After a brief stint working menial jobs in New Jersey as a young man, Baldwin hitched his wagon and took off for Paris, where he came into contact with the likes of writers Richard Wright and Ernest Hemingway. His Paris experience provided partial inspiration for future novels like 1956’s Giovanni’s Room and 1962’s Another Country, which dealt candidly with racial and sexual identities at a time when such topics were still taboo.

Motivated by the growing racial tension back in the United States, Baldwin came home in the early 1960s and threw himself into the fire of the burgeoning civil rights movement. He gave speeches and wrote prolifically for major publications of record about the growing tides of change in America. His groundbreaking 1963 book, The Fire Next Time, and Blues for Mr. Charlie, a play loosely based on the 1955 murder of Emmitt Till, are considered two of the era’s most influential works about race relations.
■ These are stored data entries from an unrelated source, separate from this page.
(* The fixed points m -/+ r are the roots of c z^2 + (d - a) z + rho^2 c; their
   product rho^2 = m^2 - r^2 makes the axis orthogonal to the circle. *)
Lemma semicircle_axis_orthogonal (rho A B C D : R) :
  0 < rho -> A * D - B * C = 1 -> B + rho ^ 2 * C = 0 -> 2 < Rabs (A + D) -> C <> 0 ->
  exists g x y, is_axis (mkM2 A B C D) g /\ orth_at g (Semi 0 rho) (x, y) /\
    (D - A + 2 * C * x) * (D - A) = (A + D) ^ 2 - 4.
Proof.
  intros Hrho Hdet HB HT HC.
  assert (HT2 : 4 < (A + D) ^ 2) by (rewrite <- (pow2_abs (A + D)); nra).
  assert (HC2 : 0 < C ^ 2) by (apply pow2_gt_0, HC).
  set (w := D - A).
  assert (Hdisc : (A + D) ^ 2 - 4 = w ^ 2 - 4 * rho ^ 2 * C ^ 2) by (unfold w; nra).
  set (r := sqrt (((A + D) ^ 2 - 4) / (4 * C ^ 2))).
  assert (Hr0 : 0 < r) by (apply sqrt_lt_R0, Rdiv_lt_0_compat; lra).
  assert (Hr2 : 4 * C ^ 2 * r ^ 2 = (A + D) ^ 2 - 4).
  { unfold r. rewrite pow2_sqrt by (apply Rlt_le, Rdiv_lt_0_compat; lra). field. lra. }
  set (m := - w / (2 * C)).
  assert (Hm : 2 * C * m = - w) by (unfold m; field; exact HC).
  assert (Hmr : m ^ 2 = r ^ 2 + rho ^ 2).
  { apply (Rmult_eq_reg_l (4 * C ^ 2)); [|lra].
    replace (4 * C ^ 2 * m ^ 2) with ((2 * C * m) ^ 2) by ring. rewrite Hm. nra. }
  assert (Hm0 : m <> 0) by (intro E; rewrite E in Hmr; nra).
  set (x := rho ^ 2 / m).
  assert (Hx : x * m = rho ^ 2) by (unfold x; field; exact Hm0).
  assert (Hx2 : x ^ 2 < rho ^ 2).
  { assert (E : x ^ 2 * m ^ 2 = rho ^ 2 * rho ^ 2) by (rewrite <- Hx; ring).
    assert (Hrho2 : 0 < rho ^ 2) by (apply pow_lt, Hrho).
    apply (Rmult_lt_reg_r (m ^ 2)); [apply pow2_gt_0, Hm0|]. rewrite E.
    apply Rmult_lt_compat_l; [exact Hrho2|].
    rewrite Hmr. assert (0 < r ^ 2) by (apply pow_lt, Hr0). lra. }
  set (y := sqrt (rho ^ 2 - x ^ 2)).
  assert (Hy0 : 0 < y) by (apply sqrt_lt_R0; lra).
  assert (Hy2 : y ^ 2 = rho ^ 2 - x ^ 2) by (unfold y; rewrite pow2_sqrt; lra).
  exists (Semi m r), x, y. split; [|split].
  - split; [exact HT|]. split; [exact Hr0|].
    unfold w in Hm.
    split; apply fixes_bd_of_discriminant; try assumption; rewrite <- Hr2.
    + replace (2 * C * (m - r) + D - A) with (- (2 * C * r)) by lra. ring.
    + replace (2 * C * (m + r) + D - A) with (2 * C * r) by lra. ring.
  - unfold orth_at, on_geod, inH; simpl. repeat split; try lra; nra.
  - fold w. rewrite Hdisc. unfold w in *. nra.
Qed.

Lemma axis_orthogonal_exists (rho A B C D : R) :
  0 < rho -> A * D - B * C = 1 -> B + rho ^ 2 * C = 0 -> 2 < Rabs (A + D) ->
  exists g x y, is_axis (mkM2 A B C D) g /\ orth_at g (Semi 0 rho) (x, y) /\
    (D - A + 2 * C * x) * (D - A) = (A + D) ^ 2 - 4.
Proof.
  intros Hrho Hdet HB HT.
  destruct (Req_dec C 0) as [HC | HC];
    [| exact (semicircle_axis_orthogonal rho A B C D Hrho Hdet HB HT HC)].
  assert (HB0 : B = 0) by (subst; lra). subst.
  exists (Vert 0), 0, rho.
  unfold is_axis, orth_at, on_geod, inH; simpl.
  repeat split; try exact HT; try lra; nra.
Qed.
Over the years, Baldwin’s politics grew more militant. He became more supportive of black nationalists like Angela Davis and Stokley Carmichael. Following the assassination of Congo Prime Minister Patrice Lumumba in January 1961, black radicals stormed U.N. headquarters demanding answers to his murder. In a New York Times article written after the incident, Baldwin said the “riot” at the United Nations was “but a small echo of the black discontent now abroad” and “if we are not able, and quickly, to face and begin to eliminate the sources of discontent in our own country, we will never be able to do it in the world at large.”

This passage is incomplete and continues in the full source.